The larger gaps yesterday I went back to 13.3 for a bit just to make sure it still all worked.

Which specific TrueNAS SCALE version?

An SMB bug with 24.10.0.2 was fixed yesterday

Versions 24.04.2.4, 24.10.0.1, and 24.10.0.2 have all shown the same behavior of randomly rebooting. It rebooted twice in a row after starting this thread so I switched back to 13.3 and it has been up for a bit over 19 hours without any issues. I will try 24.10.0.2 again a bit later today.
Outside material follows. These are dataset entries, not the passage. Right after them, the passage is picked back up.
(* Let $P$ be a closed polygonal curve embedded in $\mathbb{R}^3$, whose knot type $K$ has genus $g(K)$. If $t$ is the number of triangles in a triangulated oriented PL surface $\Sigma$ embedded in $\mathbb{R}^3$ whose boundary is a PL subdivision of $P$, then $t \ge 4g(K) + 1$.
   Context: The genus $g(K)$ of a knot $K$ is the minimal genus of a compact connected orientable surface embedded in $\mathbb{R}^3$ whose boundary is the knot. A triangulated PL surface is a 2-dimensional simplicial complex, realized linearly on each triangle in $\mathbb{R}^3$, which is a 2-manifold with boundary. ''Boundary is a PL subdivision of $P$'' means the manifold boundary of the surface is $P$ as a set, possibly with extra vertices inserted on the edges of $P$. *)

From Stdlib Require Import Reals List Arith ZArith Relations Bool.
Import ListNotations.
Open Scope R_scope.

Record pt := mkpt { px : R; py : R; pz : R }.

Definition padd (p q : pt) : pt := mkpt (px p + px q) (py p + py q) (pz p + pz q).
Definition pscale (r : R) (p : pt) : pt := mkpt (r * px p) (r * py p) (r * pz p).
Definition psub (p q : pt) : pt := padd p (pscale (-1) q).
Definition origin : pt := mkpt 0 0 0.
Definition cross (u v : pt) : pt :=
  mkpt (py u * pz v - pz u * py v) (pz u * px v - px u * pz v) (px u * py v - py u * px v).

Definition lincomb (w : list R) (l : list pt) : pt :=
  fold_right (fun rp acc => padd (pscale (fst rp) (snd rp)) acc) origin (combine w l).

Definition in_hull (l : list pt) (x : pt) : Prop :=
  exists w : list R, length w = length l /\ Forall (fun r => 0 <= r) w /\
    fold_right Rplus 0 w = 1 /\ x = lincomb w l.

Definition in_seg (a b x : pt) : Prop := in_hull [a; b] x.

Definition noncollinear (a b c : pt) : Prop := cross (psub b a) (psub c a) <> origin.

Definition pvert (Q : list pt) (i : nat) : pt := nth (i mod length Q) Q origin.

Definition polygon_set (Q : list pt) (x : pt) : Prop :=
  exists i, (i < length Q)%nat /\ in_seg (pvert Q i) (pvert Q (S i)) x.

Definition embedded_polygon (Q : list pt) : Prop :=
  let m := length Q in
  (3 <= m)%nat /\
  (forall i j, (i < m)%nat -> (j < m)%nat -> i <> j -> pvert Q i <> pvert Q j) /\
  (forall i j, (i < m)%nat -> (j < m)%nat -> i <> j ->
     forall x, in_seg (pvert Q i) (pvert Q (S i)) x ->
               in_seg (pvert Q j) (pvert Q (S j)) x ->
       (j = (S i) mod m /\ x = pvert Q j) \/ (i = (S j) mod m /\ x = pvert Q i)).

(** Elementary Delta-move (Reidemeister): insert a new vertex [c] between the
    consecutive vertices [a = Q_i] and [b = Q_(i+1)] where the triangle [abc]
    meets the polygon exactly in the edge [ab]. *)
Definition delta_insert (Q Q' : list pt) : Prop :=
  exists i c, (i < length Q)%nat /\
    Q' = firstn (S i) Q ++ c :: skipn (S i) Q /\
    (forall x, (in_hull [pvert Q i; pvert Q (S i); c] x /\ polygon_set Q x) <->
               in_seg (pvert Q i) (pvert Q (S i)) x).

Definition poly_rotate (Q Q' : list pt) : Prop :=
  exists k, Q' = skipn k Q ++ firstn k Q.

Definition knot_step (Q Q' : list pt) : Prop :=
  embedded_polygon Q /\ embedded_polygon Q' /\
  (delta_insert Q Q' \/ poly_rotate Q Q' \/ Q' = rev Q).

Definition knot_equiv : list pt -> list pt -> Prop := clos_refl_sym_trans _ knot_step.

(** * Triangulated PL surfaces in R^3
    A surface is given by a number [nv] of vertices, their positions [vert]
    (indices [0..nv-1]) and a list of triangles (triples of vertex indices). *)
Definition tri_list (T : nat * nat * nat) : list nat :=
  match T with (a, b, c) => [a; b; c] end.

Definition tri_has (T : nat * nat * nat) (v : nat) : bool :=
  existsb (Nat.eqb v) (tri_list T).

Definition common_verts (T1 T2 : nat * nat * nat) : list nat :=
  filter (tri_has T2) (tri_list T1).

Definition edge_count (tris : list (nat * nat * nat)) (a b : nat) : nat :=
  length (filter (fun T => andb (tri_has T a) (tri_has T b)) tris).

Definition link_adj (tris : list (nat * nat * nat)) (v x y : nat) : Prop :=
  exists T, In T tris /\ tri_has T v = true /\ tri_has T x = true /\
            tri_has T y = true /\ x <> v /\ y <> v /\ x <> y.

Definition is_tri_surface (nv : nat) (vert : nat -> pt)
    (tris : list (nat * nat * nat)) : Prop :=
  (forall a b c, In (a, b, c) tris ->
     (a < nv)%nat /\ (b < nv)%nat /\ (c < nv)%nat /\
     noncollinear (vert a) (vert b) (vert c)) /\
  (forall u v, (u < nv)%nat -> (v < nv)%nat -> vert u = vert v -> u = v) /\
  (forall v, (v < nv)%nat -> exists T, In T tris /\ tri_has T v = true) /\
  (forall i j, (i < length tris)%nat -> (j < length tris)%nat -> i <> j ->
     exists v, tri_has (nth i tris (0,0,0)%nat) v <> tri_has (nth j tris (0,0,0)%nat) v) /\
  (* linear realization is a geometric simplicial complex (embedded) *)
  (forall T1 T2, In T1 tris -> In T2 tris -> forall x,
     (in_hull (map vert (tri_list T1)) x /\ in_hull (map vert (tri_list T2)) x) <->
     in_hull (map vert (common_verts T1 T2)) x) /\
  (* 2-manifold with boundary: every edge lies in at most two triangles and
     the link of every vertex is connected (hence an arc or a circle) *)
  (forall a b, a <> b -> (edge_count tris a b <= 2)%nat) /\
  (forall v x y, (v < nv)%nat -> v <> x -> v <> y ->
     (0 < edge_count tris v x)%nat -> (0 < edge_count tris v y)%nat ->
     clos_refl_trans _ (link_adj tris v) x y).

Definition surface_boundary (vert : nat -> pt) (tris : list (nat * nat * nat))
    (x : pt) : Prop :=
  exists a b, a <> b /\ edge_count tris a b = 1%nat /\ in_seg (vert a) (vert b) x.

Definition dir_edges (T : nat * nat * nat) (o : bool) : list (nat * nat) :=
  match T with (a, b, c) =>
    if o then [(a, b); (b, c); (c, a)] else [(b, a); (c, b); (a, c)] end.

Definition oriented_surface (tris : list (nat * nat * nat)) : Prop :=
  exists o : nat -> bool,
    forall i j, (i < length tris)%nat -> (j < length tris)%nat -> i <> j ->
      forall e, In e (dir_edges (nth i tris (0,0,0)%nat) (o i)) ->
                ~ In e (dir_edges (nth j tris (0,0,0)%nat) (o j)).

Definition connected_surface (nv : nat) (tris : list (nat * nat * nat)) : Prop :=
  forall a b, (a < nv)%nat -> (b < nv)%nat ->
    clos_refl_trans _ (fun x y => exists T, In T tris /\ tri_has T x = true /\
                                            tri_has T y = true) a b.

Definition pair_eq_dec : forall x y : nat * nat, {x = y} + {x <> y}.
Proof. decide equality; apply Nat.eq_dec. Defined.

Definition unord_edges (T : nat * nat * nat) : list (nat * nat) :=
  match T with (a, b, c) =>
    [(Nat.min a b, Nat.max a b); (Nat.min b c, Nat.max b c); (Nat.min a c, Nat.max a c)] end.

Definition num_edges (tris : list (nat * nat * nat)) : nat :=
  length (nodup pair_eq_dec (flat_map unord_edges tris)).

Definition euler_char (nv : nat) (tris : list (nat * nat * nat)) : Z :=
  (Z.of_nat nv - Z.of_nat (num_edges tris) + Z.of_nat (length tris))%Z.

(** genus of a compact connected orientable surface with ONE boundary
    component: chi = 2 - 2g - 1 *)
Definition genus1 (nv : nat) (tris : list (nat * nat * nat)) : Z :=
  ((1 - euler_char nv tris) / 2)%Z.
Given multiple software versions… I would assume its a hardware issue.

I’d start with non-ECC DIMMs. remove/replace 1 at a time.

I’d assume the same if it wasn’t completely stable on 13.3. Bad ram would affect every os, not just one branch. I’ll run a mem test to see if anything shows amiss.

I saw your other posts in a thread with similar issues.

It is true that the background load of 24.10 is lower than previous versions.
We have seen processors that are poor at moving from low power mode to full performance mode.

Linux enables low power mode through control of C-states… so it is possible that BIOS settings may need to be tweaked.

I don’t know if this is the issue, but found some links:

https://www.reddit.com/r/AMDHelp/comments/nly59n/disabling_global_c_state_control_to_fix_idle/

I inferred that from those threads and disabled all C-state control in bios, as well as the cool and quiet features. Unfortunately it has not made a difference.

Its an old board… I’m not sure whether the graphics driver is supported on modern linux.

That might be worth digging into or disabling??

I’ll see if I can disable it. Its a headless unit anyhow. Doesn’t usually have a monitor hooked up unless I need to get into bios.